The following command line arguments are supported. Combining multiple flags into one argument (e.g. -bo) is not supported.

  • -b: Boolean mode. Returns either 0/1 or 1/1 depending on whether the PC is 100%. This speeds up all cases where at least one piece is hidden from the player at the start, at the downside of returning less precise information if the PC is not 100%. Incompatible with decision mode and weighted mode.
  • -d: Decision mode. Outputs an optimal decision tree to tree_data.js, which can be viewed by opening tree_viewer.html. This can be considerably slower than the regular mode. Incompatible with boolean mode and two-line mode.
  • -f [number]: Starting field hash. Defaults to 0 (the empty field). Must be a 40-bit unsigned integer, and the field it represents must be found in the graph. The hash is explained in detail below. This can also be used as a command while the program is running to change the starting field.
  • -m [number]: Maximum number of threads. Defaults to std::thread::hardware_concurrency(). The argument is capped below by 1 and above by hardware concurrency. This can also be used as a command while the program is running to change the maximum number of threads.
  • -o: Stdout mode. Echoes all numerical results to stdout. This is useful when running queues in batch and redirecting the raw results to a file.
  • -s [number]: See (held + active + previews). Defaults to 7. This is the length of the first string given as input. Must be an integer in the range $[2, 11]$. This can also be used as a command while the program is running to change the see.
  • -t: Two-line mode. Considers 2-line PCs to be successful. When combined with weighted mode, 2-line PCs are always given a weight of 0. Incompatible with decision mode.
  • -w: Weighted mode. Weights composition-based saves with the weights provided in weights.txt. Weights must be integers in the range $[0, 2^{32}]$. The return value is the sum of the weights for all saves across the decision tree, where fail queues are given a weight of $2^{32}$, minus the sum of minimum weights in the row for each applicable save scenario; e.g. a return value of 0 indicates that the minimum possible weight is always achieved.

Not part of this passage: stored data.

(* Let $S=\{(x_i,y_i)\}_{i=1}^n$ be a training set, $\{f_\theta\}$ a parameterized family of classifiers, $1\le k\le n$, and let $\hat\theta\in\arg\min_\theta L_{\textrm{close-}k}(\{\ell(y_i,f_\theta(x_i))\}_{i=1}^n)$. Then $$L_{0-1}(\hat\theta)\le \min_\theta L_{0-1}(\{(y_i,f_\theta(x_i))\}_{i=1}^n) + k - 1,$$ where $L_{0-1}(\theta)$ denotes the number of training examples misclassified by $f_\theta$.
   Context: Binary classification with labels $y\in\{-1,+1\}$ and real-valued predictions. An individual loss $\ell(y,f(x))\ge 0$ comes with a threshold $T$ such that an example is correctly classified iff its individual loss is below $T$ (e.g. logistic loss with $T=\log 2$, hinge loss with $T=1$). Given individual losses $\ell_1,\dots,\ell_n$, let $\ell_{[i]}$ be the individual loss with the $i$-th smallest value of $|\ell_j-T|$. For a constant $M$ at least as large as every individual loss that occurs, the close-$k$ aggregate loss is $L_{\textrm{close-}k}(\{\ell_i\})=\sum_{i=1}^n c_i$ with $c_i=\ell_{[i]}$ if $i\le k$, $c_i=0$ if $i>k$ and $\ell_{[i]}$ is correctly classified, and $c_i=M$ if $i>k$ and $\ell_{[i]}$ is incorrectly classified. $L_{0-1}(\{(y_i,f_\theta(x_i))\})$ is the number of $i$ with $y_i\ne\mathrm{sgn} f_\theta(x_i)$. *)

From mathcomp Require Import all_boot all_order all_algebra.
Set Implicit Arguments. Unset Strict Implicit. Unset Printing Implicit Defensive.
Import Order.TTheory GRing.Theory Num.Theory.
Local Open Scope ring_scope.

(* The losses are sorted (stably) by
   increasing |l - T|; the i-th one (0-based, i.e. position i+1) contributes
   itself if i < k, 0 if it is correctly classified (l < T), and M otherwise. *)
Definition close_k {R : realDomainType} (T M : R) (k : nat) (ls : seq R) : R :=
  let s := sort (fun a b : R => `|a - T| <= `|b - T|) ls in
  \sum_(i < size s) (if (i < k)%N then s`_i else if s`_i < T then 0 else M).

Definition losses {R : realDomainType} (ell : R -> R -> R) (n : nat)
  (y : 'I_n -> R) (p : 'I_n -> R) : seq R :=
  [seq ell (y i) (p i) | i <- enum 'I_n].

Definition L01 {R : realDomainType} (n : nat) (y : 'I_n -> R) (p : 'I_n -> R) : nat :=
  #|[set i : 'I_n | y i != Num.sg (p i)]|.

(** Past the first k positions the
    close-k loss charges exactly M per misclassified example, while each of
    the first k contributes its own loss, which lies in [0, T) if the example
    is correct and in [T, M] otherwise.  Hence, with c misclassified examples,
    k T + c M <= L_close-k + k M, and L_close-k < k T + c M when T > 0.  If a
    minimiser made k more mistakes than some other parameter, these two bounds
    would make its close-k loss strictly larger.  When T <= 0 every example
    counts as misclassified and the claim is trivial. *)

From mathcomp Require Import all_boot all_order all_algebra.
From mathcomp Require Import zify lra.
Set Implicit Arguments. Unset Strict Implicit. Unset Printing Implicit Defensive.
Import Order.TTheory GRing.Theory Num.Theory.
Local Open Scope ring_scope.

Lemma sum_nth_take_drop (A : Type) (V : nmodType) (x0 : A) (F G : A -> V)
    (k : nat) (s : seq A) :
  \sum_(i < size s) (if (i < k)%N then F (nth x0 s i) else G (nth x0 s i))
  = \sum_(a <- take k s) F a + \sum_(a <- drop k s) G a.
Proof.
have split0 (r : seq A) :
    \sum_(i < size r) (if (i < 0)%N then F (nth x0 r i) else G (nth x0 r i))
    = \sum_(a <- take 0 r) F a + \sum_(a <- drop 0 r) G a.
  by rewrite take0 drop0 big_nil add0r (big_nth x0) big_mkord.
elim: s k => [|a s IH] [|k]; [exact: split0 | | exact: split0 |].
  by rewrite big_ord0 !big_nil addr0.
by rewrite big_ord_recl big_cons -addrA -IH.
Qed.

Lemma sumr_if_count (A : Type) (V : nmodType) (P : pred A) (c : V) (s : seq A) :
  \sum_(a <- s) (if P a then c else 0) = c *+ count P s.
Proof. by rewrite -big_mkcond big_const_seq iter_addr_0. Qed.

Section CloseK.
Variables (R : realDomainType) (T M : R).

Definition close_k_sorted (k : nat) (s : seq R) : R :=
  \sum_(l <- take k s) l + (count (>= T) (drop k s))%:R * M.

Lemma close_kE (k : nat) (ls : seq R) :
  close_k T M k ls
  = close_k_sorted k (sort (fun a b : R => `|a - T| <= `|b - T|) ls).
Proof.
rewrite /close_k /close_k_sorted.
rewrite (sum_nth_take_drop 0 id (fun l => if l < T then 0 else M)) mulr_natl -sumr_if_count.
by congr (_ + _); apply: eq_bigr => l _; rewrite ltNge; case: (T <= l).
Qed.

Lemma close_k_sorted_lbound (k : nat) (s : seq R) :
  {in s, forall l, 0 <= l} -> T <= M ->
  k%:R * T + (count (>= T) s)%:R * M <= close_k_sorted k s + k%:R * M.
Proof.
move=> s_ge0 TM.
rewrite -{1}(cat_take_drop k s) count_cat natrD /close_k_sorted.
set a := count _ (take k s).
have head_ge : T *+ a <= \sum_(l <- take k s) l.
  rewrite -sumr_if_count !big_seq; apply: ler_sum => l l_take.
  have l_ge0 : 0 <= l := s_ge0 l (mem_take l_take).
  by case: ifP.
have a_le_k : (a <= k)%N.
  by rewrite (leq_trans (count_size _ _)) // size_take_min geq_minl.
have : 0 <= (k%:R - a%:R) * (M - T).
  by apply: mulr_ge0; rewrite subr_ge0 // ler_nat.
move: head_ge; rewrite -mulr_natl; lra.
Qed.

Lemma close_k_sorted_ubound (k : nat) (s : seq R) :
  {in s, forall l, l <= M} -> 0 < T -> (0 < k)%N -> (0 < size s)%N ->
  close_k_sorted k s < k%:R * T + (count (>= T) s)%:R * M.
Proof.
move=> s_leM T_gt0 k_gt0 s_gt0.
rewrite -{2}(cat_take_drop k s) count_cat natrD /close_k_sorted.
(* termwise strict: a misclassified loss is <= M < T + M, a correct one < T *)
have head_lt : \sum_(l <- take k s) l
               < \sum_(l <- take k s) (T + (if T <= l then M else 0)).
  have take_gt0 : (0 < size (take k s))%N by rewrite size_take_min leq_min k_gt0.
  rewrite !big_seq; apply: ltr_sum => [|l l_take].
    apply/hasP; exists (nth 0 (take k s) 0) => //; exact: mem_nth.
  have := s_leM l (mem_take l_take).
  by case: ifP => [_|/negbT]; rewrite -?ltNge; lra.
rewrite big_split /= big_const_seq iter_addr_0 sumr_if_count count_predT in head_lt.
have size_le_k : (size (take k s))%:R * T <= k%:R * T.
  by apply: ler_wpM2r; [exact: ltW | rewrite ler_nat size_take_min geq_minl].
move: head_lt; rewrite -[T *+ _]mulr_natl -[M *+ _]mulr_natl; lra.
Qed.

Lemma close_k_sorted_count_lt (k : nat) (s t : seq R) :
  (0 < k)%N -> size s = size t ->
  {in s, forall l, 0 <= l <= M} -> {in t, forall l, 0 <= l <= M} ->
  close_k_sorted k s <= close_k_sorted k t ->
  (count (>= T) s < count (>= T) t + k)%N.
Proof.
move=> k_gt0 size_st s_bnd t_bnd le_st.
have [T_le0|T_gt0] := leP T 0.
  have -> : count (>= T) t = size t.
    rewrite -[RHS]count_predT; apply: eq_in_count => l /t_bnd /andP[l_ge0 _].
    exact: le_trans T_le0 l_ge0.
  by rewrite -size_st (leq_ltn_trans (count_size _ s)) // -{1}[size s]addn0 ltn_add2l.
rewrite ltnNge; apply/negP => many_errors.
have /hasP[l0 l0_s T_le_l0] : has (>= T) s.
  by rewrite has_count (leq_trans _ many_errors) // addn_gt0 k_gt0 orbT.
have T_le_M : T <= M by have /andP[_ /(le_trans T_le_l0)] := s_bnd l0 l0_s.
have t_gt0 : (0 < size t)%N by rewrite -size_st; case: (s) l0_s.
have s_ge0 : {in s, forall l, 0 <= l} by move=> l /s_bnd /andP[].
have t_leM : {in t, forall l, l <= M} by move=> l /t_bnd /andP[].
have lower := close_k_sorted_lbound k s_ge0 T_le_M.
have upper := close_k_sorted_ubound t_leM T_gt0 k_gt0 t_gt0.
have : (count (>= T) t + k)%:R * M <= (count (>= T) s)%:R * M.
  by rewrite ler_wpM2r ?ler_nat // (le_trans (ltW T_gt0)).
rewrite natrD mulrDl; lra.
Qed.

Lemma close_k_count_lt (k : nat) (ls ls' : seq R) :
  (0 < k)%N -> size ls = size ls' ->
  {in ls, forall l, 0 <= l <= M} -> {in ls', forall l, 0 <= l <= M} ->
  close_k T M k ls <= close_k T M k ls' ->
  (count (>= T) ls < count (>= T) ls' + k)%N.
Proof.
move=> k_gt0 size_eq ls_bnd ls'_bnd; rewrite !close_kE.
move/(close_k_sorted_count_lt k_gt0); rewrite !count_sort !size_sort; apply=> // l.
  by rewrite mem_sort; apply: ls_bnd.
by rewrite mem_sort; apply: ls'_bnd.
Qed.

End CloseK.

Lemma L01_count_losses (R : realDomainType) (ell : R -> R -> R) (T : R) (n : nat)
    (y p : 'I_n -> R) :
  (forall i, y i = 1 \/ y i = -1) ->
  (forall yy t : R, (yy = 1 \/ yy = -1) -> (ell yy t < T <-> yy = Num.sg t)) ->
  L01 y p = count (>= T) (losses ell y p).
Proof.
move=> y_pm1 ell_correct.
rewrite /L01 /losses count_map cardsE -sum1_card -sum1_count big_enum_cond.
apply: eq_bigl => i; rewrite !inE /= leNgt; congr (~~ _).
by apply/eqP/idP => /(ell_correct _ _ (y_pm1 i)).
Qed.

Theorem lemma2 (R : realFieldType) (X Theta : Type) (n : nat)
  (x : 'I_n -> X) (y : 'I_n -> R) (f : Theta -> X -> R)
  (ell : R -> R -> R) (T M : R) (k : nat) (thetahat : Theta) :
  (forall i, y i = 1 \/ y i = -1) ->
  (forall yy t : R, (yy = 1 \/ yy = -1) -> 0 <= ell yy t) ->
  (forall yy t : R, (yy = 1 \/ yy = -1) -> (ell yy t < T <-> yy = Num.sg t)) ->
  (forall (th : Theta) (i : 'I_n), ell (y i) (f th (x i)) <= M) ->
  (1 <= k <= n)%N ->
  (forall th : Theta,
      close_k T M k (losses ell y (fun i => f thetahat (x i)))
      <= close_k T M k (losses ell y (fun i => f th (x i)))) ->
  forall th : Theta,
    (L01 y (fun i => f thetahat (x i)) <= L01 y (fun i => f th (x i)) + k - 1)%N.
Proof.
move=> y_pm1 ell_ge0 ell_correct ell_leM /andP[k_gt0 _] opt th.
have bounds h : {in losses ell y (fun i => f h (x i)), forall l, 0 <= l <= M}.
  by move=> l /mapP[i _ ->]; rewrite ell_ge0 ?ell_leM.
have size_eq : size (losses ell y (fun i => f thetahat (x i)))
               = size (losses ell y (fun i => f th (x i))) by rewrite !size_map.
have := close_k_count_lt k_gt0 size_eq (bounds thetahat) (bounds th) (opt th).
rewrite -!(L01_count_losses _ y_pm1 ell_correct); lia.
Qed.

Incompatible with boolean mode.

Field hash

To find the hash of a field, first place all cleared lines at the bottom of the stack. Then the hash is simply the field read as a 40-bit binary number from left to right from top to bottom, where an empty mino represents 0 and a filled mino represents 1. Example:

xxxxxx....
xxxxx.....
xxxxxxxxxx
xxxxxx...x

Bring the cleared line to the bottom of the stack:

xxxxxx....
xxxxx.....
xxxxxx...x
xxxxxxxxxx

Now read it as a binary number:

1111110000
1111100000
1111110001
1111111111

0b1111110000_1111100000_1111110001_1111111111 = 1083372980223

Determinism

The first piece placement is subject to a multithreaded branch search. This poses a problem in decision mode if there is more than one optimal strategy, as the one which returns first is non-deterministic. At the cost of a little bit of speed, it is guaranteed that ties are broken in favor of the lexicographically earlier strategy, which is the same tiebreaking method applied in a singlethreaded search. In other words, Hydra is guaranteed to be deterministic.